Saved data entries
※ ※ ※

(* Let $m\in\mathbb{N}$. (i) There exist curves $\sigma,\tau$ of complexity $m$ in Euclidean space and a parameter $k$ such that the lengths $|T_{(k\text{-}DTW)}|$ and $|T_{(DTW)}|$ of an optimal $k$-DTW traversal and an optimal DTW traversal of $\sigma$ and $\tau$ differ by an amount linear in $m$ (i.e., $\Omega(m)$); moreover, such instances exist both with $|T_{(k\text{-}DTW)}|<|T_{(DTW)}|$ and with $|T_{(k\text{-}DTW)}|>|T_{(DTW)}|$. (ii) Assume $m\ge 5$. Then for every $k$ with $1\le k\le 4\lfloor m/5\rfloor$ there exist curves $\sigma,\tau$ of complexity $m$ such that $d_{k\text{-}DTW}(\sigma,\tau)$ is not equal to the sum of the $k$ largest distances contributing to $d_{DTW}(\sigma,\tau)$ (i.e., the $k$ largest matched distances of a traversal realizing the DTW distance).
   Context: Curves are vertex sequences in $\mathbb{R}^d$. For $\sigma=(v_1,\dots,v_{m'})$ and $\tau=(w_1,\dots,w_{m''})$ a traversal $T$ is a sequence of index pairs starting with $(1,1)$, ending with $(m',m'')$, where each $(i,j)$ is followed only by $(i+1,j)$, $(i,j+1)$ or $(i+1,j+1)$; $|T|$ is its number of pairs. The DTW distance is $d_{DTW}(\sigma,\tau)=\min_T\sum_{(i,j)\in T}\|v_i-w_j\|$. With $s^{(T)}_1\ge s^{(T)}_2\ge\dots$ the matched distances of $T$ sorted non-increasingly (padded with zeros beyond $|T|$), $d_{k\text{-}DTW}(\sigma,\tau)=\min_T\sum_{l=1}^k s^{(T)}_l$. An optimal DTW (resp. $k$-DTW) traversal is one attaining the respective minimum. *)

From mathcomp Require Import all_boot all_order all_algebra.
From mathcomp Require Import classical_sets reals Rstruct.
Set Implicit Arguments. Unset Strict Implicit. Unset Printing Implicit Defensive.
Import Order.TTheory GRing.Theory Num.Theory.
Local Open Scope ring_scope.
Local Open Scope classical_set_scope.

Notation R := Rdefinitions.R.

(* A point of R^d is a row vector; a curve is a (nonempty) sequence of points;
   its complexity is its size. *)
Definition point (d : nat) := 'rV[R]_d.
Definition curve (d : nat) := seq (point d).

Definition edist (d : nat) (v w : point d) : R :=
  Num.sqrt (\sum_(i < d) (v ord0 i - w ord0 i) ^+ 2).

(* Traversals use 0-based indices: start (0,0), end (m'-1, m''-1). *)
Definition trav_step (p q : nat * nat) : bool :=
  [|| (q.1 == p.1.+1) && (q.2 == p.2),
      (q.1 == p.1) && (q.2 == p.2.+1) |
      (q.1 == p.1.+1) && (q.2 == p.2.+1)].

Definition is_traversal (m1 m2 : nat) (T : seq (nat * nat)) : Prop :=
  exists rest, T = (0%N, 0%N) :: rest /\ (0 < m1)%N /\ (0 < m2)%N /\
    path trav_step (0%N, 0%N) rest /\ last (0%N, 0%N) rest = (m1.-1, m2.-1).

Definition matched (d : nat) (s t : curve d) (T : seq (nat * nat)) : seq R :=
  [seq edist (nth 0 s p.1) (nth 0 t p.2) | p <- T].

(* sum of the k largest entries (padding with zeros beyond |T| contributes 0) *)
Definition topk (k : nat) (l : seq R) : R :=
  \sum_(x <- take k (sort (fun x y : R => y <= x) l ++ nseq k 0)) x.

Definition dtw_cost (d : nat) (s t : curve d) T : R := \sum_(x <- matched s t T) x.
Definition kdtw_cost (k d : nat) (s t : curve d) T : R := topk k (matched s t T).

Definition d_DTW (d : nat) (s t : curve d) : R :=
  inf [set dtw_cost s t T | T in [set T | is_traversal (size s) (size t) T]].
Definition d_kDTW (k d : nat) (s t : curve d) : R :=
  inf [set kdtw_cost k s t T | T in [set T | is_traversal (size s) (size t) T]].

Definition optimal_DTW (d : nat) (s t : curve d) T : Prop :=
  is_traversal (size s) (size t) T /\
  forall T', is_traversal (size s) (size t) T' -> dtw_cost s t T <= dtw_cost s t T'.
Definition optimal_kDTW (k d : nat) (s t : curve d) T : Prop :=
  is_traversal (size s) (size t) T /\
  forall T', is_traversal (size s) (size t) T' -> kdtw_cost k s t T <= kdtw_cost k s t T'.

From mathcomp Require Import all_boot all_order all_algebra.
From mathcomp Require Import classical_sets reals Rstruct.
From mathcomp Require Import zify ring lra.
Import Order.TTheory GRing.Theory Num.Theory.
Set Implicit Arguments. Unset Strict Implicit. Unset Printing Implicit Defensive.
Local Open Scope ring_scope.

(* The cell (i, j) of the m x m grid carries the distance between the i-th
   vertices of the two curves, and a traversal is a monotone staircase path of
   cells from (0, 0) to (m - 1, m - 1). Both instances are analysed with
   potentials on the grid: if entering a cell q raises a potential by at most
   f(q), summing along a traversal bounds its f-cost from below, and a potential
   that strictly increases along a traversal bounds its length from above.

   In the first instance the diagonal has all distances at most 3 while every
   route off the diagonal crosses a cell of distance more than 3, so an optimal
   1-DTW traversal has length at most m + 1. The L-shaped route along the first
   row and the last column has total cost at most 2m + 1, whereas cost plus
   length is at least 4m - 6 for every traversal, so an optimal DTW traversal
   has length at least 2m - 7.

   In the second instance all distances are 2 or 3, and those equal to 2 form
   the L-shaped corridor. An optimal 1-DTW traversal stays in the corridor, so
   its length is at least 2m - 2, while an optimal DTW traversal T satisfies
   2 |T| <= cost <= 3m (compare with the diagonal). Hence every optimal DTW
   traversal leaves the corridor, its k largest distances sum to at least
   2k + 1, and the corridor shows d_kDTW <= 2k, for every k < m. *)

Lemma sumr_one (V : pzSemiRingType) (I : Type) (r : seq I) :
  \sum_(i <- r) (1 : V) = (size r)%:R.
Proof. by rewrite -sum1_size natr_sum. Qed.

Lemma ler_sum_const (V : numDomainType) (I : eqType) (r : seq I) (F : I -> V) M :
  {in r, forall i, F i <= M} -> \sum_(i <- r) F i <= (size r)%:R * M.
Proof.
move=> F_le; rewrite -sumr_one mulr_suml big_seq [leRHS]big_seq.
by apply: ler_sum => i /F_le; rewrite mul1r.
Qed.

Lemma ger_sum_const (V : numDomainType) (I : eqType) (r : seq I) (F : I -> V) M :
  {in r, forall i, M <= F i} -> (size r)%:R * M <= \sum_(i <- r) F i.
Proof.
move=> F_ge; rewrite -sumr_one mulr_suml big_seq [leRHS]big_seq.
by apply: ler_sum => i /F_ge; rewrite mul1r.
Qed.

Lemma trav_stepP p q : trav_step p q ->
  [\/ q = (p.1.+1, p.2), q = (p.1, p.2.+1) | q = (p.1.+1, p.2.+1)].
Proof.
case: p q => [a b] [c e]; rewrite /trav_step /=.
by case/or3P => /andP[/eqP-> /eqP->]; [apply: Or31 | apply: Or32 | apply: Or33].
Qed.

Lemma path_trav_step_le_last x s : path trav_step x s ->
  {in x :: s, forall y, (y.1 <= (last x s).1)%N && (y.2 <= (last x s).2)%N}.
Proof.
elim: s x => [|z s IH] x /=; first by move=> _ y; rewrite inE => /eqP->; rewrite !leqnn.
case/andP=> /trav_stepP xz /IH zs y; rewrite inE => /orP[/eqP->|]; last exact: zs.
have /andP[] := zs z (mem_head _ _).
by case: xz => ->; rewrite /=; lia.
Qed.

Lemma mem_traversal m1 m2 T : is_traversal m1 m2 T ->
  {in T, forall p, (p.1 < m1)%N && (p.2 < m2)%N}.
Proof.
case=> s [-> [m1_gt0 [m2_gt0 [Ps last_s]]]] p /(path_trav_step_le_last Ps).
by rewrite last_s -(ltn_predK m1_gt0) -(ltn_predK m2_gt0) !ltnS.
Qed.

Lemma path_potential (V : numDomainType) (I : eqType) (e : rel I)
    (Phi f : I -> V) x s :
  path e x s -> {in x :: s &, forall p q, e p q -> Phi q - Phi p <= f q} ->
  Phi (last x s) - Phi x <= \sum_(y <- s) f y.
Proof.
elim: s x => [|z s IH] x /=; first by rewrite subrr big_nil.
case/andP=> ez Ps step; rewrite big_cons.
have -> : Phi (last z s) - Phi x = (Phi z - Phi x) + (Phi (last z s) - Phi z).
  by ring.
apply: lerD; first by apply: step; rewrite ?inE ?eqxx ?orbT.
by apply: IH => // p q p_s q_s; apply: step; rewrite inE ?p_s ?q_s orbT.
Qed.

Lemma traversal_potential (V : numDomainType) m1 m2 T (Phi f : nat * nat -> V) :
  is_traversal m1 m2 T ->
  {in T &, forall p q, trav_step p q -> Phi q - Phi p <= f q} ->
  Phi (m1.-1, m2.-1) - Phi (0%N, 0%N) + f (0%N, 0%N) <= \sum_(p <- T) f p.
Proof.
case=> s [-> [_ [_ [Ps <-]]]] step.
rewrite big_cons [leLHS]addrC lerD2l.
exact: path_potential Ps step.
Qed.

Lemma traversal_size_gt_potential m1 m2 T (Phi : nat * nat -> int) :
  is_traversal m1 m2 T ->
  {in T &, forall p q, trav_step p q -> Phi q <= Phi p + 1} ->
  Phi (m1.-1, m2.-1) - Phi (0%N, 0%N) < (size T)%:R.
Proof.
move=> T_trav step.
suff: Phi (m1.-1, m2.-1) - Phi (0%N, 0%N) + 1 <= (size T)%:R by lia.
rewrite -sumr_one; apply: (traversal_potential (f := fun=> 1) T_trav).
by move=> p q p_T q_T /(step p q p_T q_T); lia.
Qed.

Lemma traversal_size_le_potential m1 m2 T (Phi : nat * nat -> int) :
  is_traversal m1 m2 T ->
  {in T &, forall p q, trav_step p q -> Phi p < Phi q} ->
  (size T)%:R <= Phi (m1.-1, m2.-1) - Phi (0%N, 0%N) + 1.
Proof.
move=> T_trav step.
suff: - Phi (m1.-1, m2.-1) - - Phi (0%N, 0%N) + -1 <= - (size T)%:R by lia.
rewrite -sumr_one -sumrN.
apply: (traversal_potential (Phi := fun p => - Phi p) (f := fun=> -1) T_trav).
by move=> p q p_T q_T /(step p q p_T q_T); lia.
Qed.

Lemma traversal_size_ge m1 m2 T : is_traversal m1 m2 T -> (m1 <= size T)%N.
Proof.
move=> T_trav; have m1_gt0 : (0 < m1)%N by case: T_trav => s [_ []].
suff : (m1.-1)%:Z - 0%:Z < (size T)%:R by lia.
apply: (traversal_size_gt_potential (Phi := fun p => p.1%:Z) T_trav).
by move=> p q _ _ /trav_stepP [] -> /=; lia.
Qed.

Lemma path_map_iota (I : Type) (e : rel I) (f : nat -> I) a n :
  (forall i, e (f i) (f i.+1)) -> path e (f a) [seq f i | i <- iota a.+1 n].
Proof. by move=> ef; elim: n a => //= n IH a; rewrite ef IH. Qed.

Lemma last_map_iota (I : Type) (f : nat -> I) a n :
  last (f a) [seq f i | i <- iota a.+1 n] = f (a + n)%N.
Proof. by elim: n a => [|n IH] a /=; rewrite ?addn0 // IH addSnnS. Qed.

Definition diag_trav m := [seq (i, i) | i <- iota 0 m].

Definition corner_trav m :=
  [seq (0%N, j) | j <- iota 0 m.-1] ++ [seq (i, m.-1) | i <- iota 1 m.-1].

Lemma diag_trav_traversal m : (0 < m)%N -> is_traversal m m (diag_trav m).
Proof.
case: m => // n _; exists [seq (i, i) | i <- iota 1 n]; do 3!split => //.
split; last exact: (last_map_iota (fun i => (i, i)) 0).
by apply: (path_map_iota (f := fun i => (i, i))) => i; rewrite /trav_step !eqxx !orbT.
Qed.

Lemma corner_trav_traversal m : (1 < m)%N -> is_traversal m m (corner_trav m).
Proof.
case: m => [|[|n]] // _.
exists ([seq (0%N, j) | j <- iota 1 n] ++ [seq (i, n.+1) | i <- iota 1 n.+1]).
do 3!split => //; rewrite cat_path last_cat (last_map_iota (fun j => (0%N, j))) /=.
split; last exact: (last_map_iota (fun i => (i, n.+1)) 1).
rewrite (path_map_iota (f := fun j => (0%N, j))) => [|j]; last by rewrite /trav_step !eqxx orbT.
rewrite (path_map_iota (f := fun i => (i, n.+1))) => [|i]; last by rewrite /trav_step !eqxx.
by rewrite /trav_step !eqxx !orbT.
Qed.

Lemma mem_corner_trav m p : p \in corner_trav m ->
  (p.1 = 0 /\ p.2 < m.-1 \/ 0 < p.1 /\ p.2 = m.-1)%N.
Proof.
by rewrite mem_cat => /orP[] /mapP[i]; rewrite mem_iota => i_lt -> /=; lia.
Qed.

Local Notation geR := (fun x y : R => y <= x).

※ ※ ※

→ HOW TO COMPLETE THIS TASK
From the records above, return each line that has the string "have".

→ EXERCISE RESPONSE
have /andP[] := zs z (mem_head _ _).
have -> : Phi (last z s) - Phi x = (Phi z - Phi x) + (Phi (last z s) - Phi z).
move=> T_trav; have m1_gt0 : (0 < m1)%N by case: T_trav => s [_ []].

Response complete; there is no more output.